The when of being attached between this vaporizer 8 and condenser 3, connect pipeline and can be come by one or more real
Existing, in the case of one root, it is only necessary to this connection pipeline is arranged in rotating shaft 2, if in the case of many, then need by
Its around the shaft 2 axle center be arranged symmetrically with.
The working medium that above-described vaporizer 8, condenser 3, liquid turbine 7 and connection pipe interior thereof are used is single group
Dividing organic working medium (such as R134a), its critical point is near low-grade heat source temperature range (such as 40 DEG C~100 DEG C).Have less
Vapour-liquid density contrast and the less latent heat of vaporization.

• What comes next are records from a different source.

Lemma Acol_val k p (r : nat) :
  Acol phi k p r = (if p == cc then 0 else (r == val (phi p))%:R)
                   + (if (r == 0%N) && adg p then Xv k p.1 else 0).
Proof.
case: p => i j; rewrite /Acol /adg /cc /=.
have -> : (val i == m./2) && (val j == m./2) = ((i, j) == (ca, ca)).
  by rewrite xpair_eqE -!(inj_eq val_inj).
case: eqP => [[-> ->]|_]; first by rewrite rev_ca eqxx andbT add0r.
by case: eqP => _; case: eqP => _ //=; rewrite ?andbT ?andbF ?addr0.
Qed.

Lemma Acol0 k p : Acol phi k p 0 = if adg p then Xv k p.1 else 0.
Proof.
rewrite Acol_val eqxx /=; have [->|ne_p] := eqVneq p cc; first by rewrite add0r.
by have := phi_ne1 (p := p); rewrite in_Om => /(_ ne_p); rewrite eq_sym => /negbTE ->; rewrite add0r.
Qed.

Lemma det_noninj N k (g : 'I_N -> 'I_m * 'I_m) :
  ~~ injectiveb g -> \det (\matrix_(r < N, c < N) Acol phi k (g c) r) = 0.
Proof.
move=> /injectivePn [c1 [c2 ne_c Eg]].
by rewrite -det_tr; apply: (determinant_alternate ne_c) => r; rewrite !mxE Eg.
Qed.

Lemma m2_gt0 : (0 < m ^ 2)%N.
Proof. by rewrite expn_gt0; case: m m_gt1. Qed.

Definition o0 : 'I_(m ^ 2) := Ordinal m2_gt0.

(* The row carrying the unit entry of A^(k)|p>, extended by 0 at the centre;
   it is a bijection [m] x [m] -> [m^2]. *)
Definition pivot (p : 'I_m * 'I_m) : 'I_(m ^ 2) := if p == cc then o0 else phi p.

Lemma pivot_inj : injective pivot.
Proof.
have phi_o0 q : q != cc -> phi q != o0.
  move=> ne_q; have := phi_ne1 (p := q); rewrite in_Om => /(_ ne_q).
  by apply: contraNneq => ->.
move=> p q; rewrite /pivot.
have [->|ne_p] := eqVneq p cc; have [->|ne_q] := eqVneq q cc => // E.
- by move: (phi_o0 _ ne_q); rewrite -E eqxx.
- by move: (phi_o0 _ ne_p); rewrite E eqxx.
- by apply: phi_inj E; rewrite in_Om.
Qed.

(* With columns ordered by pivot, the matrix is upper triangular with diagonal
   X^(k)_a, 1, ..., 1. *)
Lemma det_sorted k (h : 'I_(m ^ 2) -> 'I_m * 'I_m) :
  (forall t, pivot (h t) = t) ->
  \det (\matrix_(r < m ^ 2, c < m ^ 2) Acol phi k (h c) r) = Xv k ca.
Proof.
move=> hK; have off_diag (r t : 'I_(m ^ 2)) : r != t -> r != o0 ->
    Acol phi k (h t) r = 0.
  move=> ne_rt ne_r0; rewrite Acol_val.
  have -> : (val r == 0%N) = false by apply: contraNF ne_r0 => /eqP r0; apply/eqP/val_inj.
  rewrite /= addr0; have := hK t; rewrite /pivot; case: eqP => // _ Et.
  by rewrite Et (inj_eq val_inj) (negbTE ne_rt).
rewrite -det_tr det_trig; last first.
  apply/is_trig_mxP => t r lt_tr; rewrite !mxE off_diag //.
    by rewrite neq_ltn lt_tr orbT.
  by apply: contraTneq lt_tr => ->.
rewrite (bigD1 o0) //= big1 ?mulr1 => [|t ne_t0].
  rewrite !mxE Acol_val; have := hK o0; rewrite /pivot.
  case: eqP => [->|ne_h E0]; first by rewrite add0r eqxx /adg /cc /= rev_ca eqxx.
  by have := phi_ne1 (p := h o0); rewrite in_Om E0 => /(_ (introN eqP ne_h)).
rewrite !mxE Acol_val; have := hK t; rewrite /pivot.
case: eqP => [_ E0|_ ->]; first by move: ne_t0; rewrite E0 eqxx.
rewrite eqxx; have -> : (val t == 0%N) = false.
  by apply: contraNF ne_t0 => /eqP t0; apply/eqP/val_inj.
by rewrite addr0.
Qed.

Lemma det_inj k (g : 'I_(m ^ 2) -> 'I_m * 'I_m) : injective g ->
  exists b : nat,
    \det (\matrix_(r < m ^ 2, c < m ^ 2) Acol phi k (g c) r) = (-1) ^+ b * Xv k ca.
Proof.
move=> g_inj; have pg_inj : injective (pivot \o g) by apply: inj_comp pivot_inj _.
pose s : 'S_(m ^ 2) := perm pg_inj.
pose E := \matrix_(r < m ^ 2, t < m ^ 2) Acol phi k (g ((s^-1)%g t)) r.
have -> : \matrix_(r < m ^ 2, c < m ^ 2) Acol phi k (g c) r = col_perm s E.
  by apply/matrixP => r c; rewrite !mxE permK.
rewrite col_permE det_mulmx det_perm mulrC; exists (odd_perm (s^-1)%g).
congr (_ * _); apply: det_sorted => t.
by have := permKV s t; rewrite permE.
Qed.

Variable rk : H m -> nat.

Lemma ordered_size (e : {set H m}) : size (ordered rk e) = #|e|.
Proof. by rewrite /ordered size_sort cardE. Qed.

Lemma ordered_mem (e : {set H m}) y : (y \in ordered rk e) = (y \in e).
Proof. by rewrite /ordered (perm_mem (permEl (perm_sort _ _))) mem_enum. Qed.

Lemma ordered_uniq (e : {set H m}) : uniq (ordered rk e).
Proof. by rewrite /ordered (perm_uniq (permEl (perm_sort _ _))) enum_uniq. Qed.
(* Let $f(x_1,x_2)=(-2+x_1+x_2)^2$ and $g(x_1,x_2)=1-x_1^2-x_2^2$; the global minimum of $f$ on $\{x\in\mathbb{R}^2: g(x)\geqslant 0\}$ is $2(3-2\sqrt{2})$. For every integer $d\geqslant 1$, the order-$d$ SDSOS (dual) relaxation $$\sup_{\lambda,\sigma_0,\sigma_1} \lambda \quad\text{s.t.}\quad f-\lambda=\sigma_0+\sigma_1 g,\ \lambda\in\mathbb{R},\ \sigma_0\in \mathrm{SDSOS}_d,\ \sigma_1\in\mathrm{SDSOS}_{d-1},$$ and the corresponding relaxed moment (primal) problem $$\inf_y L_y(f)\quad\text{s.t.}\quad y_0=1,\ \text{every principal submatrix of size at most }2\text{ of } M_d(y) \text{ and of } M_{d-1}(gy)\text{ is positive semidefinite},$$ both have optimal value $4(1-\sqrt{2})$, which is strictly smaller than the global minimum $2(3-2\sqrt{2})$ (the gap equals $2$).
   Context: For $\alpha\in\mathbb{N}^2$ write $x^\alpha=x_1^{\alpha_1}x_2^{\alpha_2}$ and $|\alpha|=\alpha_1+\alpha_2$. $\mathrm{SDSOS}_d$ denotes the set of polynomials of the form $\sum_k (p_k x^{\alpha(k)}+q_k x^{\beta(k)})^2$ (finite sum) with $p_k,q_k\in\mathbb{R}$ and $\alpha(k),\beta(k)\in\mathbb{N}^2$, $|\alpha(k)|,|\beta(k)|\leqslant d$ (scaled diagonally-dominant sums of squares). For $y=(y_\alpha)_{|\alpha|\leqslant 2d}$ and $p=\sum_\alpha p_\alpha x^\alpha$, $L_y(p)=\sum_\alpha p_\alpha y_\alpha$; $M_d(y)=(y_{\alpha+\beta})_{|\alpha|,|\beta|\leqslant d}$; $M_{d-1}(gy)=(y_{\alpha+\beta}-y_{\alpha+\beta+(2,0)}-y_{\alpha+\beta+(0,2)})_{|\alpha|,|\beta|\leqslant d-1}$. *)

From mathcomp Require Import all_boot all_order all_algebra.
From mathcomp Require Import reals.
From mathcomp Require Import mpoly.
Import Order.TTheory GRing.Theory Num.Theory.
Set Implicit Arguments. Unset Strict Implicit. Unset Printing Implicit Defensive.
Local Open Scope ring_scope.

Section Defs.
Variable R : realType.

Definition mono (a b : nat) : 'X_{1..2} :=
  [multinom (if i == ord0 then a else b) | i < 2].

Definition fpoly : {mpoly R[2]} := (- 2%:MP + 'X_ord0 + 'X_(@Ordinal 2 1 isT)) ^+ 2.
Definition gpoly : {mpoly R[2]} := 1 - 'X_ord0 ^+ 2 - 'X_(@Ordinal 2 1 isT) ^+ 2.

Definition SDSOS (d : nat) (s : {mpoly R[2]}) : Prop :=
  exists (n : nat) (p q : 'I_n -> R) (a b : 'I_n -> 'X_{1..2}),
    (forall k, (mdeg (a k) <= d)%N /\ (mdeg (b k) <= d)%N) /\
    s = \sum_(k < n) (p k *: 'X_[a k] + q k *: 'X_[b k]) ^+ 2.

Definition Ly (y : 'X_{1..2} -> R) (p : {mpoly R[2]}) : R :=
  \sum_(m <- msupp p) p@_m * y m.

Definition psd (n : nat) (A : 'M[R]_n) : Prop :=
  forall v : 'cV[R]_n, 0 <= (v^T *m A *m v) 0 0.

Definition momsub (y : 'X_{1..2} -> R) (k : nat) (s : 'I_k -> 'X_{1..2}) : 'M[R]_k :=
  \matrix_(i, j) y (s i + s j)%MM.

(* localizing matrix M_{d-1}(g y) restricted to rows/columns s i *)
Definition locsub (y : 'X_{1..2} -> R) (k : nat) (s : 'I_k -> 'X_{1..2}) : 'M[R]_k :=
  \matrix_(i, j) (y (s i + s j)%MM - y (s i + s j + mono 2 0)%MM
                   - y (s i + s j + mono 0 2)%MM).

(* feasibility for the relaxed moment (primal) problem of order d.
   y is given on all monomials; only entries with |alpha| <= 2d are ever used. *)
Definition moment_feasible (d : nat) (y : 'X_{1..2} -> R) : Prop :=
  y 0%MM = 1 /\
  (forall (k : nat) (s : 'I_k -> 'X_{1..2}), (k <= 2)%N -> injective s ->
     (forall i, (mdeg (s i) <= d)%N) -> psd (momsub y s)) /\
  (forall (k : nat) (s : 'I_k -> 'X_{1..2}), (k <= 2)%N -> injective s ->
     (forall i, (mdeg (s i) <= d.-1)%N) -> psd (locsub y s)).

Definition sdsos_feasible (d : nat) (lam : R) : Prop :=
  exists s0 s1 : {mpoly R[2]},
    SDSOS d s0 /\ SDSOS d.-1 s1 /\ fpoly - lam%:MP = s0 + s1 * gpoly.

Definition is_sup (S : R -> Prop) (v : R) : Prop :=
  (forall x, S x -> x <= v) /\ (forall e, 0 < e -> exists x, S x /\ v - e < x).
Definition is_inf (S : R -> Prop) (v : R) : Prop :=
  (forall x, S x -> v <= x) /\ (forall e, 0 < e -> exists x, S x /\ x < v + e).

End Defs.

From HB Require Import structures.
From mathcomp Require Import all_boot all_order all_algebra.
From mathcomp Require Import reals mpoly ssrcomplements.
From mathcomp Require Import ring lra zify.
Import Order.TTheory GRing.Theory Num.Theory.
Set Implicit Arguments. Unset Strict Implicit. Unset Printing Implicit Defensive.
Local Open Scope ring_scope.

(* An SDSOS multiplier only ever meets 2x2 principal submatrices: for
   sigma = sum (p x^a + q x^b)^2 the value L_y(sigma) is a sum of quadratic
   forms in such submatrices of M_d(y), and L_y(sigma g) likewise of M_(d-1)(g y).
   This gives weak duality, and both sides attain 4(1 - sqrt 2): the dual one
   through the certificate, with r = 2^(1/4),
     f - 4(1 - sqrt 2) = (r - r^3 x1)^2 + (r - r^3 x2)^2 + (x1 + x2)^2 + r^6 g,
   the primal one through the pseudo-moment sequence [ystar] below.  The true
   minimum (2 - sqrt 2)^2 follows from x1 + x2 <= sqrt 2 on the unit disk. *)

Local Notation i1 := (@Ordinal 2 1 isT).

Lemma monoE a b : mono a b = (U_(ord0) *+ a + U_(i1) *+ b)%MM.
Proof. by apply/mnmP => -[[|[|//]] ?]; rewrite !mnmE !mulmnE !mnm1E /=; lia. Qed.

Lemma monoD a b c d : (mono a b + mono c d)%MM = mono (a + c) (b + d).
Proof. by apply/mnmP => -[[|[|//]] ?]; rewrite !mnmE. Qed.

Lemma mdeg_mono a b : mdeg (mono a b) = (a + b)%N.
Proof. by rewrite mdegE !big_ord_recr big_ord0 /= !mnmE. Qed.

Lemma binomial_sqrE (R : comNzRingType) n (p q : R) (a b : 'X_{1..n}) :
  (p *: 'X_[a] + q *: 'X_[b]) ^+ 2 =
    p ^+ 2 *: 'X_[a + a] + (2 * p * q) *: 'X_[a + b] + q ^+ 2 *: 'X_[b + b]
  :> {mpoly R[n]}.
Proof. by rewrite !mpolyXD -!mul_mpolyC; ring. Qed.

Section QuadraticForms.
Variable R : comNzRingType.

Lemma quadform_mx1 (A : 'M[R]_1) (v : 'cV[R]_1) :
  (v^T *m A *m v) 0 0 = v 0 0 ^+ 2 * A 0 0.
Proof. by rewrite !mxE !big_ord1 !mxE big_ord1 !mxE expr2 mulrAC. Qed.

Lemma quadform_mx2 (A : 'M[R]_2) (v : 'cV[R]_2) :
  (v^T *m A *m v) 0 0 =
    v 0 0 ^+ 2 * A 0 0 + v 0 0 * v 1 0 * (A 0 1 + A 1 0) + v 1 0 ^+ 2 * A 1 1.
Proof.
rewrite !mxE !big_ord_recr !big_ord0 /= !mxE !big_ord_recr !big_ord0 /= !mxE.
have -> : widen_ord (leqnSn 1) ord_max = 0 :> 'I_2 by apply/val_inj.
have -> : (ord_max : 'I_2) = 1 by apply/val_inj.
ring.
Qed.

End QuadraticForms.

Section Riesz.
Variable R : realType.
Implicit Types (y : 'X_{1..2} -> R) (p q : {mpoly R[2]}).

Lemma LywE y p k : (msize p <= k)%N ->
  Ly y p = \sum_(m : 'X_{1..2 < k}) p@_m * y m.
Proof.
move=> le_pk; pose I : subFinType _ := 'X_{1..2 < k}.
rewrite /Ly (big_mksub I) ?msupp_uniq //=; last first.
  by move=> m /msize_mdeg_lt /leq_trans; apply.
by rewrite big_rmcond //= => m /memN_msupp_eq0 ->; rewrite mul0r.
Qed.

Lemma Ly_is_linear y : linear_for *%R (Ly y).
Proof.
move=> c p q; pose k := (msize p + msize q + msize (c *: p + q))%N.
rewrite !(@LywE _ _ k) /k; try lia.
rewrite mulr_sumr -big_split; apply: eq_bigr => m _ /=.
by rewrite mcoeffD mcoeffZ mulrDl mulrA.
Qed.

HB.instance Definition _ y :=
  GRing.isLinear.Build R {mpoly R[2]} R *%R (Ly y) (Ly_is_linear y).

Lemma LyX y m : Ly y 'X_[m] = y m.
Proof. by rewrite /Ly msuppX big_seq1 mcoeffX eqxx mul1r. Qed.

Lemma LyC y c : Ly y c%:MP = c * y 0%MM.
Proof. by rewrite -[c%:MP]mulr1 -mpolyX0 mul_mpolyC linearZ /= LyX. Qed.

(* The functional [p |-> Ly y (p * q)] is again a Riesz functional, whose
   moment matrix is the localizing matrix of [q]. *)
Lemma Ly_mul y p q : Ly y (p * q) = Ly (fun m => Ly y ('X_[m] * q)) p.
Proof.
rewrite {1}[p]mpolyE big_distrl linear_sum /=; apply: eq_bigr => m _.
by rewrite -scalerAl linearZ.
Qed.

Lemma Ly_binomial_sqr y (p q : R) a b :
  Ly y ((p *: 'X_[a] + q *: 'X_[b]) ^+ 2) =
    p ^+ 2 * y (a + a)%MM + 2 * p * q * y (a + b)%MM + q ^+ 2 * y (b + b)%MM.
Proof. by rewrite binomial_sqrE !raddfD /= !linearZ /= !LyX. Qed.

End Riesz.

Section PrincipalMinors.
Variable R : realType.
Implicit Types (y F : 'X_{1..2} -> R).

Lemma psd_mx1 (A : 'M[R]_1) : 0 <= A 0 0 -> psd A.
Proof. by move=> A_ge0 v; rewrite quadform_mx1 mulr_ge0 ?sqr_ge0. Qed.

Lemma psd_mx2 (A : 'M[R]_2) : A 0 1 = A 1 0 ->
  0 <= A 0 0 -> 0 <= A 1 1 -> A 0 1 ^+ 2 <= A 0 0 * A 1 1 -> psd A.
Proof.
move=> symA + + + v; rewrite quadform_mx2 -symA.
move: (A 0 0) (A 0 1) (A 1 1) (v 0 0) (v 1 0) => a b c x z a_ge0 c_ge0 det_ge0.
have [a0|a_neq0] := eqVneq a 0.
  have b0 : b = 0.
    by apply/eqP; rewrite -sqrf_eq0 eq_le sqr_ge0 andbT -(mul0r c) -a0.
  by rewrite a0 b0 !(mulr0, mul0r, add0r) mulr_ge0 ?sqr_ge0.
have a_gt0 : 0 < a by rewrite lt_def a_neq0.
rewrite -(pmulr_rge0 _ a_gt0).
have -> : a * (x ^+ 2 * a + x * z * (b + b) + z ^+ 2 * c) =
  (a * x + b * z) ^+ 2 + (a * c - b ^+ 2) * z ^+ 2 by ring.
by rewrite addr_ge0 ?sqr_ge0 // mulr_ge0 ?sqr_ge0 // subr_ge0.
Qed.

Definition moment_psd2 (D : nat) y : Prop :=
  forall (k : nat) (s : 'I_k -> 'X_{1..2}), (k <= 2)%N -> injective s ->
    (forall i, (mdeg (s i) <= D)%N) -> psd (momsub y s).

Lemma moment_psd2_minors D F :
  (forall a, 0 <= F (a + a)%MM) ->
  (forall a b, F (a + b)%MM ^+ 2 <= F (a + a)%MM * F (b + b)%MM) ->
  moment_psd2 D F.
Proof.
move=> F_ge0 F_minor [|[|[|//]]] s _ _ _.
- by move=> v; rewrite !mxE big_ord0.
- by apply: psd_mx1; rewrite mxE.
- by apply: psd_mx2; rewrite !mxE ?F_ge0 // addmC.
Qed.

The using method (hypergravity thermodynamic cycle method) of this hypergravity thermodynamic circulation device is as follows;
Rotating shaft 2 drives vaporizer 8, condenser 3, liquid turbine 7 and electromotor 6 with a fixed angular speed (this fixed angular speed
Adjust according to on-the-spot environment) rotate;
The low pressure liquid flowed out from condenser 3 flow to liquid whirlpool under the common effect of centrifugal force and pressure reduction in the duct
Being supercharged to supertension when taking turns 7 import, temperature rises (becoming superhigh pressure liquid);
Superhigh pressure liquid enters liquid turbine 7, and in liquid turbine 7, pressure reduces, and temperature reduces, output work simultaneously, becomes
Become highly pressurised liquid;
Highly pressurised liquid enters the evaporation tubes of vaporizer 8, after absorbing the heat that external heat source provides, becomes high steam;
High steam flow to during the import of condenser 3 become low under the common effect of centrifugal force and pressure reduction in the duct
Pressure steam;
Low-pressure steam enters the condensation pipe of condenser 3, becomes low pressure liquid after external source releases condensation latent heat;
Low pressure liquid flows to liquid turbine 7 under the common effect of centrifugal force and pressure reduction and circulates above step.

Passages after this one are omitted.